By: Jim Steiner, Siva Ravada, Rick Anderson
With the increased adoption of Exadata for spatial workloads, we have been looking at ways to exploit more and more of the capabilities of this architecture to address problems faced in large scale spatial analysis. The point-in-polygon function in Spatial can result in 100s of times faster UPDATE and INSERT operations with no degradation in query performance for large scale point-in-polygon operations. Mask operations (DISJOINT, TOUCH, INSIDE, ANYINTERACT) can be performed with the point-in-polygon function.

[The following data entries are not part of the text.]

(* Let $\kappa$ be a cardinal, $\mathbb{F}$ a field, and $V$ the vector space over $\mathbb{F}$ presented by generators $x_\alpha,y_\alpha,z_\alpha$ ($\alpha\in\kappa$) and relations $x_\alpha+y_\alpha+z_\alpha=0$. Let $F\colon\mathcal{P}(\kappa)^3\to\mathrm{Sub}(V)$, $F(A,B,C)=\mathrm{Span}\{x_\alpha:\alpha\in A\}+\mathrm{Span}\{y_\beta:\beta\in B\}+\mathrm{Span}\{z_\gamma:\gamma\in C\}$, and $G\colon\mathrm{Sub}(V)\to\mathcal{P}(\kappa)^3$, $G(W)=(\{\alpha:x_\alpha\in W\},\{\beta:y_\beta\in W\},\{\gamma:z_\gamma\in W\})$. Then for all $(A,B,C)\in\mathcal{P}(\kappa)^3$, $G(F(A,B,C))=(A\cup(B\cap C),\ B\cup(A\cap C),\ C\cup(A\cap B))$.
   Context: $\mathcal{P}(\kappa)$ is the power set of $\kappa$; $\mathrm{Sub}(V)$ is the lattice of subspaces of $V$. *)

From HB Require Import structures.
From mathcomp Require Import all_boot all_algebra.
From mathcomp Require Import boolp classical_sets.
Set Implicit Arguments. Unset Strict Implicit. Unset Printing Implicit Defensive.
Import GRing.Theory.
Local Open Scope ring_scope.
Local Open Scope classical_set_scope.

Definition lspan (F : fieldType) (V : lmodType F) (S : set V) : set V :=
  [set v | exists (n : nat) (c : 'I_n -> F) (s : 'I_n -> V),
             (forall i, S (s i)) /\ v = \sum_(i < n) c i *: s i].

Definition subsum (F : fieldType) (V : lmodType F) (U W : set V) : set V :=
  [set v | exists u w, U u /\ W w /\ v = u + w].

(* V is the F-vector space presented by generators x_a, y_a, z_a (a in K)
   and relations x_a + y_a + z_a = 0: the relations hold, the generators
   span V, and (V, x, y, z) has the universal property of the presentation. *)
Definition presented_xyz (F : fieldType) (V : lmodType F) (K : Type)
    (x y z : K -> V) : Prop :=
  [/\ (forall a, x a + y a + z a = 0),
      (forall v, lspan (range x `|` range y `|` range z) v) &
      (forall (W : lmodType F) (x' y' z' : K -> W),
         (forall a, x' a + y' a + z' a = 0) ->
         exists f : {linear V -> W},
           forall a, [/\ f (x a) = x' a, f (y a) = y' a & f (z a) = z' a])].

Definition Fmap (F : fieldType) (V : lmodType F) (K : Type) (x y z : K -> V)
    (A B C : set K) : set V :=
  subsum (subsum (lspan (x @` A)) (lspan (y @` B))) (lspan (z @` C)).

Definition Gmap (F : fieldType) (V : lmodType F) (K : Type) (x y z : K -> V)
    (W : set V) : set K * set K * set K :=
  ([set a | W (x a)], [set b | W (y b)], [set c | W (z c)]).

From HB Require Import structures.
From mathcomp Require Import all_boot all_algebra.
From mathcomp Require Import boolp classical_sets.
Set Implicit Arguments. Unset Strict Implicit. Unset Printing Implicit Defensive.
Local Open Scope ring_scope.
Local Open Scope classical_set_scope.
Import GRing.Theory.

(* The inclusion from right to left is clear: x_a = -y_a - z_a lies in
   F(A,B,C) as soon as a is in B and C.  Conversely, if x_a lies in F(A,B,C)
   but a is neither in A nor in B, the presentation yields a linear
   functional taking the values 1, -1, 0 on x_a, y_a, z_a and vanishing on
   all other generators; it kills every generator of F(A,B,C) but not x_a.
   The other cases follow from the symmetry of the data under permuting
   (x,A), (y,B) and (z,C). *)

Section Span.
Variables (F : fieldType) (V : lmodType F).
Implicit Types (S U W : set V) (u v w : V).

Lemma lspan_sub S : S `<=` lspan S.
Proof.
move=> v Sv; exists 1%N, (fun _ => 1), (fun _ => v); split => //.
by rewrite big_ord1 scale1r.
Qed.

Lemma lspan0 S : lspan S 0.
Proof.
by exists 0%N, (fun _ => 0), (fun _ => 0); split; [case | rewrite big_ord0].
Qed.

Lemma lspanN S v : lspan S v -> lspan S (- v).
Proof.
move=> [n [c [s [Ss ->]]]]; exists n, (fun i => - c i), s; split => //.
by rewrite -sumrN; apply: eq_bigr => i _; rewrite scaleNr.
Qed.

Lemma lspan_linear_eq0 (Y : lmodType F) (f : {linear V -> Y}) S :
  (forall v, S v -> f v = 0) -> forall v, lspan S v -> f v = 0.
Proof.
move=> fS v [n [c [s [Ss ->]]]].
by rewrite linear_sum big1 // => i _; rewrite linearZ /= fS // scaler0.
Qed.

Lemma subsum_add U W u w : U u -> W w -> subsum U W (u + w).
Proof. by move=> Uu Ww; exists u, w. Qed.

Lemma subsumC U W : subsum U W = subsum W U.
Proof.
by apply/seteqP; split=> _ [u [w [Uu [Ww ->]]]]; exists w, u; rewrite addrC.
Qed.

Lemma subsumAC U W (T : set V) :
  subsum (subsum U W) T = subsum (subsum U T) W.
Proof.
by apply/seteqP; split=> _ [_ [t [[u [w [Uu [Ww ->]]]] [Tt ->]]]];
  exists (u + t), w; rewrite addrAC; do !split => //; exact: subsum_add.
Qed.

Lemma subsum_linear_eq0 (Y : lmodType F) (f : {linear V -> Y}) U W :
  (forall u, U u -> f u = 0) -> (forall w, W w -> f w = 0) ->
  forall v, subsum U W v -> f v = 0.
Proof.
by move=> fU fW _ [u [w [Uu [Ww ->]]]]; rewrite linearD fU ?fW ?addr0.
Qed.

End Span.

Section Presentation.
Variables (K : Type) (F : fieldType) (V : lmodType F).
Implicit Types (x y z : K -> V) (A B C : set K).

Lemma presented_xyz_swap12 x y z :
  presented_xyz x y z -> presented_xyz y x z.
Proof.
case=> rel span univ; split.
- by move=> a; rewrite (addrC (y a)).
- by rewrite (setUC (range y)).
- move=> W x' y' z' rel'; have [|f fxyz] := univ W y' x' z'.
    by move=> a; rewrite (addrC (y' a)).
  by exists f => a; have [-> -> ->] := fxyz a.
Qed.

Lemma presented_xyz_swap23 x y z :
  presented_xyz x y z -> presented_xyz x z y.
Proof.
case=> rel span univ; split.
- by move=> a; rewrite addrAC.
- by rewrite setUAC.
- move=> W x' y' z' rel'; have [|f fxyz] := univ W x' z' y'.
    by move=> a; rewrite addrAC.
  by exists f => a; have [-> -> ->] := fxyz a.
Qed.

Lemma Fmap_swap12 x y z A B C : Fmap x y z A B C = Fmap y x z B A C.
Proof. by rewrite /Fmap (subsumC (lspan (x @` A))). Qed.

Lemma Fmap_swap23 x y z A B C : Fmap x y z A B C = Fmap x z y A C B.
Proof. by rewrite /Fmap subsumAC. Qed.

Lemma Fmap_add x y z A B C u1 u2 u3 :
  lspan (x @` A) u1 -> lspan (y @` B) u2 -> lspan (z @` C) u3 ->
  Fmap x y z A B C (u1 + u2 + u3).
Proof. by move=> *; do 2 apply: subsum_add => //. Qed.

Lemma Fmap_linear_eq0 x y z A B C (f : {linear V -> F^o}) :
  (forall a, A a -> f (x a) = 0) -> (forall a, B a -> f (y a) = 0) ->
  (forall a, C a -> f (z a) = 0) ->
  forall v, Fmap x y z A B C v -> f v = 0.
Proof.
move=> fA fB fC; have gen_eq0 D (g : K -> V) : (forall a, D a -> f (g a) = 0) ->
    forall v, lspan (g @` D) v -> f v = 0.
  by move=> fD; apply: lspan_linear_eq0 => _ [a Da <-]; exact: fD.
by apply: subsum_linear_eq0; first apply: subsum_linear_eq0; apply: gen_eq0.
Qed.

Lemma presented_xyz_dual_point x y z (a : K) (s1 s2 s3 : F) :
  presented_xyz x y z -> s1 + s2 + s3 = 0 ->
  exists f : {linear V -> F^o},
    [/\ f (x a) = s1, f (y a) = s2 & f (z a) = s3] /\
    forall b, b <> a -> [/\ f (x b) = 0, f (y b) = 0 & f (z b) = 0].
Proof.
case=> _ _ univ s0; pose delta b : F := (`[< b = a >])%:R.
have [|f fxyz] := univ F^o (fun b => s1 * delta b) (fun b => s2 * delta b)
                         (fun b => s3 * delta b).
  by move=> b; rewrite -!mulrDl s0 mul0r.
exists f; split.
  by have [-> -> ->] := fxyz a; rewrite /delta asboolT ?mulr1.
by move=> b nba; have [-> -> ->] := fxyz b; rewrite /delta asboolF ?mulr0.
Qed.

Lemma Fmap_x_notin_B x y z A B C a :
  presented_xyz x y z -> Fmap x y z A B C (x a) -> ~ A a -> B a.
Proof.
move=> hV Fxa nAa; apply: contrapT => nBa.
have [|f [[fxa _ fza] f_off]] := @presented_xyz_dual_point x y z a 1 (-1) 0 hV.
  by rewrite addrN addr0.
have neq_a D b : ~ D a -> D b -> b <> a.
  by move=> nDa Db eba; apply: nDa; rewrite -eba.
suff : f (x a) = 0 by rewrite fxa; apply/eqP; exact: oner_neq0.
apply: Fmap_linear_eq0 Fxa.
- by move=> b /(neq_a _ _ nAa) /f_off [].
- by move=> b /(neq_a _ _ nBa) /f_off [].
- by move=> b _; have [->|/f_off []] := pselect (b = a).
Qed.

Lemma Fmap_x x y z A B C a : presented_xyz x y z ->
  Fmap x y z A B C (x a) <-> A a \/ B a /\ C a.
Proof.
move=> hV; split=> [Fxa|[Aa|[Ba Ca]]].
- have [|nAa] := pselect (A a); [by left | right].
  split; first exact: Fmap_x_notin_B Fxa nAa.
  apply: (@Fmap_x_notin_B x z y A C B a (presented_xyz_swap23 hV) _ nAa).
  by rewrite -Fmap_swap23.
- rewrite -[x a]addr0 -[_ + 0]addr0.
  by apply: Fmap_add (lspan0 _) (lspan0 _); apply: lspan_sub; exists a.
- have [rel _ _] := hV.
  have -> : x a = 0 + - y a + - z a.
    by apply/eqP; rewrite add0r -opprD -addr_eq0 addrA rel.
  by apply: (Fmap_add (lspan0 _)); apply/lspanN/lspan_sub; exists a.
Qed.

End Presentation.

Theorem lemma6p2 (K : Type) (F : fieldType) (V : lmodType F) (x y z : K -> V)
    (hV : presented_xyz x y z) (A B C : set K) :
  Gmap x y z (Fmap x y z A B C) =
    (A `|` (B `&` C), B `|` (A `&` C), C `|` (A `&` B)).
Proof.
have hVy := presented_xyz_swap12 hV.
have hVz := presented_xyz_swap12 (presented_xyz_swap23 hV).
rewrite /Gmap; congr (_, _, _); apply/seteqP; split=> a /=.
1,2: by move/(Fmap_x _ _ _ _ hV).
1,2: by rewrite Fmap_swap12 => /(Fmap_x _ _ _ _ hVy).
1,2: by rewrite Fmap_swap23 Fmap_swap12 => /(Fmap_x _ _ _ _ hVz).
Qed.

When working with point data and performing point-in-polygon analysis the existing spatial operators to do a fast query on the data if there is a Spatial index on the point data. However, in many cases, the data volume is very high, so creating and maintaining the index becomes very expensive. We exploit Exadata smartscan by implementing a different model to take advantage of all the CPUs to do point in polygon operations and not have the overhead of a Spatial index. The mdsys.PointInPolygon() function returns those rows that reside within a specified polygon geometry. This parallel-enabled Point-In-Polygon function takes an arbitrary set of rows whose first column is a point’s x-coordinate value and the second column is a point’s y-coordinate value.
The mdsys.PointInPolygon() function API is the following:
mdsys.sdo_PointInPolygon(cur SYS_REFCURSOR
geom_obj IN SDO_GEOMETRY,
tol IN NUMBER,
params IN VARCHAR2 DEFAULT NULL);
The “cur” parameter is used to select an “x” and “y” point coordinate from a user table. The two columns must be of type NUMBER; this is NOT a geometry parameter.
The “geom_obj” parameter is either a polygon geometry from a table, or a transient instance of a polygon geometry, against which all of the selected points from “cur” will be validated.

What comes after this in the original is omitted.